Complementary Pathways

The unprecedented scope and complex nature of current global displacement has added renewed urgency to the debate surrounding safe, regular and sustainable access to safety for those fleeing persecution, war and conflict.

Refugees in need of protection often embark on perilous journeys over land and sea. Many do not survive these journeys. Their choice is affected, among other factors, by the scarcity of safe and legal pathways and the modest number of resettlement places available in Europe. Refugees and migrants are thus compelled to rely on the services of criminal groups, including smugglers, and potentially fall prey to human traffickers.
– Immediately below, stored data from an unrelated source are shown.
(* Let $k\ge2$, $0\le\alpha<1$, and let $G$ be a connected $k$-uniform hypergraph on $n$ vertices with $m$ edges, degrees $d_i$ ($i\in V(G)$) and maximum degree $\Delta$. Let $x$ be the $\alpha$-Perron vector of $G$ and $\overline{x}=\max_i x_i$. Then \[\rho_\alpha(G)\le\alpha\Delta+(1-\alpha)km\,\overline{x}^{\,k}\] and \[\rho_\alpha(G)\le\alpha\Delta+(1-\alpha)\Big(\sum_{i\in V(G)}d_i^{\frac{k}{k-1}}\Big)^{\frac{k-1}{k}}\overline{x}^{\,k-1},\] and equality holds in either inequality if and only if $G$ is regular.
   Context: Hypergraphs are finite with edges being sets; $k$-uniform means every edge has $k$ vertices; $d_i$ is the number of edges containing $i$; regular means all degrees equal. $\mathcal A(G)$ is the order-$k$ dimension-$n$ tensor with $(i_1,\dots,i_k)$-entry $\frac1{(k-1)!}$ if $\{i_1,\dots,i_k\}\in E(G)$, $0$ otherwise; $\mathcal D(G)$ is the diagonal tensor with $(i,\dots,i)$-entry $d_i$; $\mathcal A_\alpha(G)=\alpha\mathcal D(G)+(1-\alpha)\mathcal A(G)$. For an order-$k$ tensor $\mathcal T$, $(\mathcal Tx)_i=\sum_{i_2,\dots,i_k}\mathcal T_{ii_2\dots i_k}x_{i_2}\cdots x_{i_k}$; $\lambda$ is an eigenvalue if $\mathcal Tx=\lambda x^{[k-1]}$ for some $x\neq 0$, where $x^{[k-1]}=(x_i^{k-1})_i$. $\rho_\alpha(G)$ is the largest modulus of an eigenvalue of $\mathcal A_\alpha(G)$. A path is an alternating sequence of distinct vertices and distinct edges $(v_0,e_1,\dots,e_s,v_s)$ with $v_{i-1},v_i\in e_i$; $G$ is connected if any two vertices are joined by a path. For connected $G$, the $\alpha$-Perron vector of $G$ is the unique vector $x$ with all entries positive, $\sum_i x_i^k=1$, and $\mathcal A_\alpha(G)x=\rho_\alpha(G)x^{[k-1]}$. *)

From HB Require Import structures.
From mathcomp Require Import all_boot all_order all_algebra.
Set Implicit Arguments. Unset Strict Implicit. Unset Printing Implicit Defensive.
Import Order.TTheory GRing.Theory Num.Theory.
Local Open Scope ring_scope.

Definition uniform (n k : nat) (E : {set {set 'I_n}}) : Prop :=
  forall e, e \in E -> #|e| = k.

Definition deg (n : nat) (E : {set {set 'I_n}}) (i : 'I_n) : nat :=
  #|[set e in E | i \in e]|.

Definition max_deg (n : nat) (E : {set {set 'I_n}}) : nat :=
  (\max_(i < n) deg E i)%N.

Definition regular (n : nat) (E : {set {set 'I_n}}) : Prop :=
  forall i j : 'I_n, deg E i = deg E j.

Definition is_path (n : nat) (E : {set {set 'I_n}}) (u v : 'I_n)
  (vs : seq 'I_n) (es : seq {set 'I_n}) : Prop :=
  [/\ size vs = (size es).+1, uniq vs, uniq es &
      all (fun e => e \in E) es] /\
  [/\ nth u vs 0 = u, last u vs = v &
      (forall t, (t < size es)%N ->
        (nth u vs t \in nth set0 es t) /\ (nth u vs t.+1 \in nth set0 es t))].

Definition connected (n : nat) (E : {set {set 'I_n}}) : Prop :=
  forall u v : 'I_n, exists vs es, is_path E u v vs es.
(** * Monotonicity from an almost everywhere nonpositive derivative *)

Lemma real_induction (P : R -> Prop) a b : a <= b -> P a ->
  (forall s, a <= s <= b -> exists del, 0 < del /\
     forall u v, s - del < u -> u <= s -> s <= v -> v < s + del -> a <= u -> P u -> P v) ->
  P b.
Proof.
  intros Hab Pa Hstep.
  set (S := fun t => a <= t <= b /\ P t).
  assert (Hbd : bound S) by (exists b; intros t [Ht _]; lra).
  destruct (completeness S Hbd (ex_intro _ a (conj (conj (Rle_refl a) Hab) Pa))) as [s [Hub Hlub]].
  assert (Has : a <= s) by (apply Hub; split; [lra|exact Pa]).
  assert (Hsb : s <= b) by (apply Hlub; intros t [Ht _]; lra).
  destruct (Hstep s (conj Has Hsb)) as [del [Hdel Hp]].
  assert (Ht : exists t, S t /\ s - del < t).
  { apply NNPP. intros C. assert (s <= s - del); [|lra]. apply Hlub. intros t Ht.
    apply Rnot_lt_le. intros Hlt. apply C. eauto. }
  destruct Ht as [t [[Ht Pt] Hdt]].
  assert (t <= s) by (apply Hub; split; auto).
  assert (Ps : P s) by (apply (Hp t s); lra || exact Pt).
  destruct (Req_dec s b) as [<-|Hsb']; [exact Ps|exfalso].
  set (v := Rmin b (s + del / 2)).
  assert (s < v) by (unfold v, Rmin; destruct (Rle_dec b (s + del / 2)); lra).
  assert (v <= b) by apply Rmin_l.
  assert (v <= s + del / 2) by apply Rmin_r.
  assert (v <= s); [|lra].
  apply Hub. split; [lra|]. apply (Hp s v); lra || exact Ps.
Qed.

Definition overlap (aa bb : nat -> R) a m t := Rmax 0 (Rmin (bb m) t - Rmax (aa m) a).

Lemma overlap_nonneg aa bb a m t : 0 <= overlap aa bb a m t.
Proof. apply Rmax_l. Qed.

Lemma overlap_le_compat aa bb a m t t' : t <= t' -> overlap aa bb a m t <= overlap aa bb a m t'.
Proof. intros H. unfold overlap, Rmax, Rmin. repeat case_Rle_dec; lra. Qed.

Lemma overlap_le aa bb a m t : aa m <= bb m -> overlap aa bb a m t <= bb m - aa m.
Proof. intros H. unfold overlap, Rmax, Rmin. repeat case_Rle_dec; lra. Qed.

Lemma overlap_inside aa bb a m u v : a <= u -> u <= v -> aa m < u -> v < bb m ->
  v - u <= overlap aa bb a m v - overlap aa bb a m u.
Proof. intros. unfold overlap, Rmax, Rmin. repeat case_Rle_dec; lra. Qed.

(* Invariant of a real induction on [t]: the increase of [f] on [[a, t]] exceeds [eps (t - a)]
   by at most the variation of [f] along disjoint subintervals of total length at most what the
   intervals [(aa m, bb m)] cover of [[a, t]]; at [t = b] absolute continuity makes that
   variation small. *)
Definition increment_bound (f : R -> R) a eps (aa bb : nat -> R) t :=
  exists n (A B : nat -> R) M,
    (forall k, (k < n)%nat -> a <= A k /\ A k <= B k /\ B k <= t) /\
    (forall k, (S k < n)%nat -> B k <= A (S k)) /\
    rsum n (fun k => B k - A k) <= rsum M (fun m => overlap aa bb a m t) /\
    f t - f a <= eps * (t - a) + rsum n (fun k => Rabs (f (B k) - f (A k))).
Lemma cl_addE u v C : (u + v) C = u C + v C. Proof. by []. Qed.
Lemma cl_oppE u C : (- u) C = - u C. Proof. by []. Qed.
Lemma cl_subE u v C : (u - v) C = u C - v C. Proof. by []. Qed.
Lemma cl_scaleE (k : R) u C : (k *: u) C = k * u C. Proof. by []. Qed.

Lemma clmulE u v C :
  clmul u v C = \sum_A blade_sign R A (symd A C) * u A * v (symd A C).
Proof. by apply: eq_bigr => A _; rewrite cl_signE. Qed.

Lemma clmulA : associative (@clmul R n : clifford -> clifford -> clifford).
Proof.
move=> u v w; symmetry; apply/funext => C; rewrite !clmulE.
under eq_bigr => B _ do rewrite clmulE mulr_sumr mulr_suml.
rewrite exchange_big /=; apply: eq_bigr => A _.
rewrite clmulE mulr_sumr (reindex_inj (@symd_inj n A)) /=.
apply: eq_bigr => B _; rewrite symdK.
have -> : symd (symd A B) C = symd B (symd A C) by rewrite symdA (symdC B A).
rewrite !blade_signDl !blade_signDr.
transitivity (blade_sign R A A * blade_sign R A C * u A * (blade_sign R B B *
  blade_sign R B A * blade_sign R B C * v B * w (symd B (symd A C))) *
  (blade_sign R A B * blade_sign R A B)); first ring.
by rewrite blade_sign_sqr mulr1; ring.
Qed.

Lemma clmul1l : left_id (@clone R n : clifford) (@clmul R n).
Proof.
move=> u; apply/funext => C; rewrite clmulE (bigD1 set0) //= big1 ?addr0.
  by rewrite blade_sign0l /clone eqxx sym0d !mul1r.
by move=> A /negbTE A_neq0; rewrite /clone A_neq0 mulr0 mul0r.
Qed.

Lemma clmul1r : right_id (@clone R n : clifford) (@clmul R n).
Proof.
move=> u; apply/funext => C; rewrite clmulE (bigD1 C) //= big1 ?addr0.
  by rewrite symdv blade_sign0r /clone eqxx mul1r mulr1.
by move=> A /negbTE neq_AC; rewrite /clone symd_eq0 neq_AC mulr0.
Qed.

Lemma clmulDl : left_distributive (@clmul R n : clifford -> clifford -> clifford) +%R.
Proof.
move=> u v w; apply/funext => C; rewrite cl_addE !clmulE -big_split /=.
by apply: eq_bigr => A _; rewrite cl_addE mulrDr mulrDl.
Qed.

Lemma clmulDr : right_distributive (@clmul R n : clifford -> clifford -> clifford) +%R.
Proof.
move=> u v w; apply/funext => C; rewrite cl_addE !clmulE -big_split /=.
by apply: eq_bigr => A _; rewrite cl_addE mulrDr.
Qed.

Lemma clone_neq0 : (@clone R n : clifford) != 0.
Proof.
apply/eqP => /(congr1 (fun u : clifford => u set0)); rewrite /clone eqxx /=.
by move/eqP; rewrite oner_eq0.
Qed.

Lemma clmul_scalel (k : R) u v : k *: clmul u v = clmul (k *: u) v.
Proof.
apply/funext => C; rewrite cl_scaleE !clmulE mulr_sumr.
by apply: eq_bigr => A _; rewrite !cl_scaleE; ring.
Qed.

Lemma clmul_scaler (k : R) u v : k *: clmul u v = clmul u (k *: v).
Proof.
apply/funext => C; rewrite cl_scaleE !clmulE mulr_sumr.
by apply: eq_bigr => A _; rewrite !cl_scaleE; ring.
Qed.
(* Fix speeds $v_1,v_2,v_3>0$ and turning-rate magnitudes $w_1,w_3>0$. Let LSL denote the CSC path with inputs $\mathbf{u}_1=(v_1,w_1)$, $\mathbf{u}_2=(v_2,0)$, $\mathbf{u}_3=(v_3,w_3)$, and RSR the CSC path with inputs $\mathbf{u}_1=(v_1,-w_1)$, $\mathbf{u}_2=(v_2,0)$, $\mathbf{u}_3=(v_3,-w_3)$. Then for every start pose $\mathbf{p}_0$ and every pose $\mathbf{p}_f=(x_f,y_f,\theta_f)$, $\mathbf{p}_f$ is reachable from $\mathbf{p}_0$ by the LSL path or by the RSR path (or both). Equivalently, for each $\theta_f$ the open discs $\{(x_f,y_f):(x_f-c)^2+(y_f-d)^2<r_{31}^2\}$ associated with LSL and with RSR are disjoint.
   Context: A pose is $\mathbf{p}=(x,y,\theta)$, heading understood modulo $2\pi$. An input is $\mathbf{u}=(v,\omega)$. The motion primitive $\mathrm{M}_{\mathbf{u},\tau}$ maps $(x,y,\theta)$ to: if $\omega\neq0$, $\big(x-\frac{v}{\omega}(\sin\theta-\sin(\theta+\omega\tau)),\ y+\frac{v}{\omega}(\cos\theta-\cos(\theta+\omega\tau)),\ \theta+\omega\tau\big)$; if $\omega=0$, $(x+v\tau\cos\theta,\ y+v\tau\sin\theta,\ \theta)$. For a path with fixed inputs $\mathbf{u}_1,\mathbf{u}_2,\mathbf{u}_3$, a pose $\mathbf{p}_f$ is reachable from $\mathbf{p}_0=(x_0,y_0,\theta_0)$ if there exist $\tau_1,\tau_2,\tau_3\ge0$, with $|\omega_i\tau_i|<2\pi$ for turning segments, such that $\mathrm{M}_{\mathbf{u}_3,\tau_3}(\mathrm{M}_{\mathbf{u}_2,\tau_2}(\mathrm{M}_{\mathbf{u}_1,\tau_1}(\mathbf{p}_0)))$ has position $(x_f,y_f)$ and heading congruent to $\theta_f$ modulo $2\pi$. For a CSC path, $r_i=v_i/\omega_i$ ($i=1,3$), $r_{31}=r_3-r_1$, $c=x_0-r_1\sin\theta_0+r_3\sin\theta_f$, $d=y_0+r_1\cos\theta_0-r_3\cos\theta_f$; a CSC path reaches $\mathbf{p}_f$ iff $(x_f-c)^2+(y_f-d)^2\ge r_{31}^2$. *)

From Stdlib Require Import Reals Lra ZArith.
Open Scope R_scope.

(* A pose (x, y, theta); an input (v, omega). *)
Definition pose := (R * R * R)%type.
Definition input := (R * R)%type.

Definition motion (u : input) (tau : R) (p : pose) : pose :=
  let '(v, w) := u in
  let '(x, y, th) := p in
  if Req_EM_T w 0 then
    (x + v * tau * cos th, y + v * tau * sin th, th)
  else
    (x - v / w * (sin th - sin (th + w * tau)),
     y + v / w * (cos th - cos (th + w * tau)),
     th + w * tau).

Definition admissible (u : input) (tau : R) : Prop :=
  0 <= tau /\ (snd u <> 0 -> Rabs (snd u * tau) < 2 * PI).

Definition pose_equiv (p q : pose) : Prop :=
  let '(x, y, th) := p in
  let '(x', y', th') := q in
  x = x' /\ y = y' /\ exists k : Z, th = th' + 2 * PI * IZR k.

Definition reachable (u1 u2 u3 : input) (p0 pf : pose) : Prop :=
  exists tau1 tau2 tau3 : R,
    admissible u1 tau1 /\ admissible u2 tau2 /\ admissible u3 tau3 /\
    pose_equiv (motion u3 tau3 (motion u2 tau2 (motion u1 tau1 p0))) pf.

Definition LSL_reachable (v1 v2 v3 w1 w3 : R) (p0 pf : pose) : Prop :=
  reachable (v1, w1) (v2, 0) (v3, w3) p0 pf.

Definition RSR_reachable (v1 v2 v3 w1 w3 : R) (p0 pf : pose) : Prop :=
  reachable (v1, - w1) (v2, 0) (v3, - w3) p0 pf.

(** The LSL and RSR paths share the straight-segment input, and their turning
    radii are [r1, r3] and [-r1, -r3].  A CSC path reaches exactly the poses
    outside an open disc of radius [|r3 - r1|]; the LSL and RSR discs for a
    given final heading have centres [2 |r1 e(theta0) - r3 e(thetaf)|] apart,
    which is at least [2 |r3 - r1|] because [r1 r3 > 0].  So the two discs are
    disjoint and every final pose lies outside one of them. *)
From Stdlib Require Import Reals.
From Stdlib Require Import Lra Lia ZArith.
Open Scope R_scope.

Lemma periodic_Z (f : R -> R) :
  (forall x n, f (x + 2 * INR n * PI) = f x) ->
  forall x k, f (x + 2 * PI * IZR k) = f x.
Proof.
  intros Hper x k.
  destruct (Z_le_gt_dec 0 k) as [Hk | Hk].
  - rewrite <- (Z2Nat.id k Hk), <- INR_IZR_INZ.
    replace (x + 2 * PI * INR (Z.to_nat k)) with (x + 2 * INR (Z.to_nat k) * PI)
      by ring.
    apply Hper.
  - assert (Ek : IZR k = - INR (Z.to_nat (- k))).
    { rewrite INR_IZR_INZ, Z2Nat.id, opp_IZR by lia. ring. }
    rewrite Ek, <- (Hper (x + 2 * PI * - INR (Z.to_nat (- k))) (Z.to_nat (- k))).
    f_equal. ring.
Qed.

Lemma sin_period_Z (x : R) (k : Z) : sin (x + 2 * PI * IZR k) = sin x.
Proof. exact (periodic_Z sin sin_period x k). Qed.

Lemma cos_period_Z (x : R) (k : Z) : cos (x + 2 * PI * IZR k) = cos x.
Proof. exact (periodic_Z cos cos_period x k). Qed.

Lemma angle_in_0_2PI (beta : R) :
  exists k : Z, 0 <= beta + 2 * PI * IZR k < 2 * PI.
Proof.
  pose proof PI_RGT_0 as HPI.
  destruct (archimed (beta / (2 * PI))) as [Hup Hup'].
  exists (1 - up (beta / (2 * PI)))%Z.
  rewrite minus_IZR.
  assert (Hbeta : beta = 2 * PI * (beta / (2 * PI))) by (field; lra).
  split; nra.
Qed.

Lemma turning_duration_exists (w beta : R) : w <> 0 ->
  exists (tau : R) (k : Z),
    0 <= tau /\ Rabs (w * tau) < 2 * PI /\ w * tau = beta + 2 * PI * IZR k.
Proof.
  intros Hw.
  destruct (Rlt_or_le 0 w) as [Hpos | Hneg].
  - destruct (angle_in_0_2PI beta) as [k Hk].
    exists ((beta + 2 * PI * IZR k) / w), k.
    replace (w * ((beta + 2 * PI * IZR k) / w)) with (beta + 2 * PI * IZR k)
      by (field; lra).
    repeat split; try lra.
    + apply Rmult_le_pos; [lra | apply Rlt_le, Rinv_0_lt_compat; lra].
    + rewrite Rabs_right; lra.
  - destruct (angle_in_0_2PI (- beta)) as [k Hk].
    exists ((- beta + 2 * PI * IZR k) / - w), (- k)%Z.
    replace (w * ((- beta + 2 * PI * IZR k) / - w)) with (- (- beta + 2 * PI * IZR k))
      by (field; lra).
    rewrite opp_IZR.
    repeat split; try lra.
    + apply Rmult_le_pos; [lra | apply Rlt_le, Rinv_0_lt_compat; lra].
    + rewrite Rabs_Ropp, Rabs_right; lra.
Qed.

Lemma unit_circle_angle (a b : R) : a * a + b * b = 1 ->
  exists th, cos th = a /\ sin th = b.
Proof.
  intros Hab.
  assert (Ha : -1 <= a <= 1) by nra.
  assert (Hsin : sin (acos a) = Rabs b).
  { rewrite sin_acos, <- sqrt_Rsqr_abs by exact Ha. f_equal. unfold Rsqr. lra. }
  destruct (Rle_or_lt 0 b) as [Hb | Hb].
  - exists (acos a). rewrite cos_acos, Hsin, Rabs_right by lra. auto.
  - exists (- acos a). rewrite cos_neg, sin_neg, cos_acos, Hsin, Rabs_left by lra.
    split; ring.
Qed.

Lemma rotation_exists (X Y L r : R) : L * L + r * r = X * X + Y * Y ->
  exists th, X = L * cos th - r * sin th /\ Y = L * sin th + r * cos th.
Proof.
  intros Hnorm.
  set (rho := X * X + Y * Y) in *.
  destruct (Req_dec rho 0) as [Hrho | Hrho].
  - assert (X = 0) by (unfold rho in Hrho; nra).
    assert (Y = 0) by (unfold rho in Hrho; nra).
    assert (L = 0) by nra. assert (r = 0) by nra. subst.
    exists 0. split; ring.
  - destruct (unit_circle_angle ((X * L + Y * r) / rho) ((Y * L - X * r) / rho))
      as [th [Hcos Hsin]].
    { transitivity (rho * (L * L + r * r) / (rho * rho)).
      - unfold rho. field. auto.
      - rewrite Hnorm. field. auto. }
    exists th. rewrite Hcos, Hsin. split.
    + transitivity (X * (L * L + r * r) / rho).
      * rewrite Hnorm. field. auto.
      * field. auto.
    + transitivity (Y * (L * L + r * r) / rho).
      * rewrite Hnorm. field. auto.
      * field. auto.
Qed.

Lemma motion_turn (v w tau x y th : R) : w <> 0 ->
  motion (v, w) tau (x, y, th) =
  (x - v / w * (sin th - sin (th + w * tau)),
   y + v / w * (cos th - cos (th + w * tau)),
   th + w * tau).
Proof. intros Hw. unfold motion. destruct (Req_EM_T w 0); [contradiction | reflexivity]. Qed.

Lemma motion_straight (v tau x y th : R) :
  motion (v, 0) tau (x, y, th) = (x + v * tau * cos th, y + v * tau * sin th, th).
Proof. unfold motion. destruct (Req_EM_T 0 0); [reflexivity | contradiction]. Qed.

(** With [(X, Y)] the final
    position relative to the centre [(c, d)], the straight segment of length
    [L = sqrt (X^2 + Y^2 - r31^2)] and heading [th] must satisfy
    [(X, Y) = L e(th) + r31 e(th)^perp]; [rotation_exists] provides [th]. *)
Lemma csc_reachable (v1 v2 v3 w1 w3 x0 y0 th0 xf yf thf : R) :
  0 < v2 -> w1 <> 0 -> w3 <> 0 ->
  (xf - (x0 - v1 / w1 * sin th0 + v3 / w3 * sin thf)) ^ 2
  + (yf - (y0 + v1 / w1 * cos th0 - v3 / w3 * cos thf)) ^ 2 >= (v3 / w3 - v1 / w1) ^ 2 ->
  reachable (v1, w1) (v2, 0) (v3, w3) (x0, y0, th0) (xf, yf, thf).
Proof.
  intros Hv2 Hw1 Hw3 Hout.
  set (r1 := v1 / w1) in *. set (r3 := v3 / w3) in *.
  set (X := xf - (x0 - r1 * sin th0 + r3 * sin thf)) in *.
  set (Y := yf - (y0 + r1 * cos th0 - r3 * cos thf)) in *.
  set (L := sqrt (X * X + Y * Y - (r3 - r1) * (r3 - r1))).
  assert (HL : L * L = X * X + Y * Y - (r3 - r1) * (r3 - r1)) by (apply sqrt_sqrt; nra).
  destruct (rotation_exists X Y L (r3 - r1)) as [th [HX HY]]; [lra|].
  destruct (turning_duration_exists w1 (th - th0) Hw1) as [tau1 [k1 [H1 [H1' E1]]]].
  destruct (turning_duration_exists w3 (thf - th) Hw3) as [tau3 [k3 [H3 [H3' E3]]]].
  exists tau1, (L / v2), tau3.
  split; [split; auto|].
  split; [split; [apply Rmult_le_pos; [apply sqrt_pos | apply Rlt_le, Rinv_0_lt_compat; lra] | simpl; lra]|].
  split; [split; auto|].
  rewrite motion_turn, motion_straight, motion_turn by assumption.
  replace (th0 + w1 * tau1) with (th + 2 * PI * IZR k1) by lra.
  replace (th + 2 * PI * IZR k1 + w3 * tau3) with (thf + 2 * PI * IZR (k1 + k3))
    by (rewrite plus_IZR; lra).
  rewrite !sin_period_Z, !cos_period_Z.
  replace (v2 * (L / v2)) with L by (field; lra).
  fold r1 r3.
  repeat split.
  - unfold X in HX. lra.
  - unfold Y in HY. lra.
  - exists (k1 + k3)%Z. reflexivity.
Qed.

(** By the parallelogram law [|c - d|^2 <= 2 |p - c|^2 + 2 |p - d|^2]. *)
Lemma far_discs_disjoint (cx cy dx dy rho px py : R) :
  (cx - dx) ^ 2 + (cy - dy) ^ 2 >= 4 * rho ^ 2 ->
  (px - cx) ^ 2 + (py - cy) ^ 2 >= rho ^ 2 \/ (px - dx) ^ 2 + (py - dy) ^ 2 >= rho ^ 2.
Proof.
  intros Hfar.
  destruct (Rge_or_gt ((px - cx) ^ 2 + (py - cy) ^ 2) (rho ^ 2)) as [Hc | Hc]; [now left|].
  right. pose proof (pow2_ge_0 (2 * px - cx - dx)). pose proof (pow2_ge_0 (2 * py - cy - dy)).
  nra.
Qed.

Lemma turning_centres_far (r1 r3 a b : R) : 0 <= r1 * r3 ->
  (r1 * sin a - r3 * sin b) ^ 2 + (r1 * cos a - r3 * cos b) ^ 2 >= (r3 - r1) ^ 2.
Proof.
  intros Hr.
  pose proof (sin2_cos2 a) as Ha. pose proof (sin2_cos2 b) as Hb. unfold Rsqr in Ha, Hb.
  assert (Hcos : cos a * cos b + sin a * sin b <= 1)
    by (rewrite <- cos_minus; apply COS_bound).
  nra.
Qed.

Theorem theorem3 :
  forall (v1 v2 v3 w1 w3 : R),
    0 < v1 -> 0 < v2 -> 0 < v3 -> 0 < w1 -> 0 < w3 ->
    forall p0 pf : pose,
      LSL_reachable v1 v2 v3 w1 w3 p0 pf \/ RSR_reachable v1 v2 v3 w1 w3 p0 pf.
Proof.
  intros v1 v2 v3 w1 w3 Hv1 Hv2 Hv3 Hw1 Hw3 [[x0 y0] th0] [[xf yf] thf].
  unfold LSL_reachable, RSR_reachable.
  assert (Hr : 0 <= v1 / w1 * (v3 / w3)).
  { apply Rlt_le, Rmult_lt_0_compat; apply Rdiv_lt_0_compat; lra. }
  pose proof (turning_centres_far _ _ th0 thf Hr) as Hfar.
  destruct (far_discs_disjoint
              (x0 - v1 / w1 * sin th0 + v3 / w3 * sin thf)
              (y0 + v1 / w1 * cos th0 - v3 / w3 * cos thf)
              (x0 + v1 / w1 * sin th0 - v3 / w3 * sin thf)
              (y0 - v1 / w1 * cos th0 + v3 / w3 * cos thf)
              (v3 / w3 - v1 / w1) xf yf) as [Hlsl | Hrsr].
  - nra.
  - left. apply csc_reachable; lra.
  - right. apply csc_reachable; try lra.
    rewrite !Rdiv_opp_r. nra.
Qed.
Expanding safe and legal avenues for refugees to reach Europe is therefore key to ensure and enhance access to international protection. Such pathways should be in addition to and complement resettlement as a tool of solidarity and responsibility‑sharing with those countries hosting the majority of refugees.

Expanding complementary pathways to protection has gained traction across Europe. In recent years, some states have been implementing complementary pathways such as humanitarian admission, humanitarian corridors, private sponsorship, family reunification programmes, or student scholarships for refugees.

The Global Compact on Refugees also states that there is a need to extend other pathways of admission, as a complement to resettlement, to facilitate refugees’ access to protection. Such complementary pathways are therefore an integral part of UNHCR’s Three‑Year Strategy (2019‑2021), which has the ambitious goal of supporting two million refugees with complementary pathways to protection by the end of 2028.

The Global Compact on Refugees is a framework for more predictable and equitable responsibility‑sharing, recognizing that a sustainable solution to refugee situations cannot be achieved without international cooperation.

It provides a blueprint for governments, international organizations, and other stakeholders to ensure that host communities get the support they need and that refugees can lead productive lives.

It constitutes a unique opportunity to transform the way the world responds to refugee situations, benefiting both refugees and the communities that host them.

Its four key objectives are to:

  • Ease the pressures on host countries;
  • Enhance refugee self‑reliance;
  • Expand access to third‑country solutions;
  • Support conditions in countries of origin for return in safety and dignity.

IOM, UNHCR and ICMC have looked into the potential of complementary pathways and into available European examples. As part of the European Resettlement Network, a project co‑funded by the EU, the three organizations analysed the following avenues: humanitarian admission programmes, private sponsorship programmes and student scholarships.